View in context: https://bugs.webkit.org/attachment.cgi?id=429735&action=review

> Source/WebCore/PAL/pal/spi/cf/CoreTextSPI.h:206
> +CGFloat CTFontGetSbixImageSizeForGlyphAndContentsScale(CTFontRef, const CGGlyph, CGFloat contentsScale);

Peculiar use of const here. I assume this is just how the function is declared, but that const has no effect.

> Source/WebCore/platform/graphics/coretext/FontCoreText.cpp:813
> +    ASSERT(!m_hasRelevantTables);

This assertion is backwards! This should only be called on a font that *does* have relevant tables.

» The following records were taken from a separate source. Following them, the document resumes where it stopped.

Lemma a4_witnesses_generate (i j : 'I_5) :
  i != j -> generates2 a4_mul a4_inv (a4_witness i) (a4_witness j).
Proof.
have generating : all (fun i => all (fun j => (i == j) || all (fun z => z \in
    iter 3 (closure_step a4_mul a4_inv) [:: a4_witness i; a4_witness j]) a4_elems)
    (iota 0 5)) (iota 0 5) by vm_compute.
move=> ne_ij; have ne_ij_nat : (i : nat) != j := ne_ij.
apply: (generates2_closure (n := 3)); apply: a4_allP.
by have := allP (allP generating i (mem_iota5 i)) j (mem_iota5 j); rewrite (negPf ne_ij_nat).
Qed.

Lemma a4_sigma_i : sigma_i_eq a4_mul a4_inv 5.
Proof.
apply: (@sigma_i_eq_generating_cover _ _ _ _ a4_part (fun i => a4_witness i)) => //.
- by move=> i; split; [exact: a4_part_proper | exact: a4_part_subsemigroup].
- exact: a4_parts_cover.
- exact: a4_witnesses_generate.
Qed.

Lemma bool_inverse_semigroup : is_inverse_semigroup andb id.
Proof. by split; [|split] => [[] [] []|[]|[] []]. Qed.

Lemma bool_sigma_i : sigma_i_eq andb id 2.
Proof.
apply: (@sigma_i_eq_generating_cover _ _ _ _ (fun i : 'I_2 => [set odd i]) (fun i => odd i))
  => // [i|b|i j ne_ij].
- split; first by rewrite properT; apply/eqP => /setP /(_ (~~ odd i)); rewrite !inE; case: odd.
  by split=> [a b|a]; rewrite !inE // => /eqP -> /eqP ->; rewrite andbb.
- by exists (inord b); rewrite inE inordK //; case: b.
- have ne_odd : odd i != odd j by case: i j ne_ij => [[|[|?]] ?] [[|[|?]] ?].
  move=> S _ Si Sj; apply/setP => b; rewrite inE.
  by case: b (odd i) (odd j) Si Sj ne_odd => [] [] [].
Qed.

Theorem mainTheorem3 (n : nat) (hn : 2 <= n) :
  exists (T : finType) (mul : T -> T -> T) (inv : T -> T),
    is_inverse_semigroup mul inv /\ sigma_i_eq mul inv n.
Proof.
case: n hn => [|[|[|[|[|[|n]]]]]] // _.
- exists bool, andb, id; split; [exact: bool_inverse_semigroup | exact: bool_sigma_i].
- exists (brandt 'Z_2), (@brandt_mul _), (@brandt_inv _).
  by split; [exact: brandt_inverse_semigroup | exact: brandt_sigma_i_Zp].
- exists (brandt 'Z_3), (@brandt_mul _), (@brandt_inv _).
  by split; [exact: brandt_inverse_semigroup | exact: brandt_sigma_i_Zp].
- exists a4, a4_mul, a4_inv; split; [exact: a4_inverse_semigroup | exact: a4_sigma_i].
- exists (brandt (alt n.+4.+1)), (@brandt_mul _), (@brandt_inv _).
  by split; [exact: brandt_inverse_semigroup | exact: brandt_sigma_i_alt].
Qed.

I didn’t notice that on my own; the EWS testing caught it.
Comment 27 Cameron McCormack (:heycam) 2021-05-26 15:07:59 PDT
(In reply to Darin Adler from comment #26)
> > Source/WebCore/PAL/pal/spi/cf/CoreTextSPI.h:206
> > +CGFloat CTFontGetSbixImageSizeForGlyphAndContentsScale(CTFontRef, const CGGlyph, CGFloat contentsScale);
> 
> Peculiar use of const here. I assume this is just how the function is
> declared, but that const has no effect.

Indeed, it has no effect, but that's how it's declared in the place I'm copying it from.

> > Source/WebCore/platform/graphics/coretext/FontCoreText.cpp:813
> > +    ASSERT(!m_hasRelevantTables);
> 
> This assertion is backwards! This should only be called on a font that
> *does* have relevant tables. I didn’t notice that on my own; the EWS testing
> caught it.

Will fix!
Comment 28 Cameron McCormack (:heycam) 2021-05-26 15:11:06 PDT
Created attachment 429802 [details]
Patch
Comment 29 EWS 2021-05-26 23:43:00 PDT
Committed r278151 (238195@main): <https://commits.webkit.org/238195@main>

All reviewed patches have been landed. Closing bug and clearing flags on attachment 429802 [details].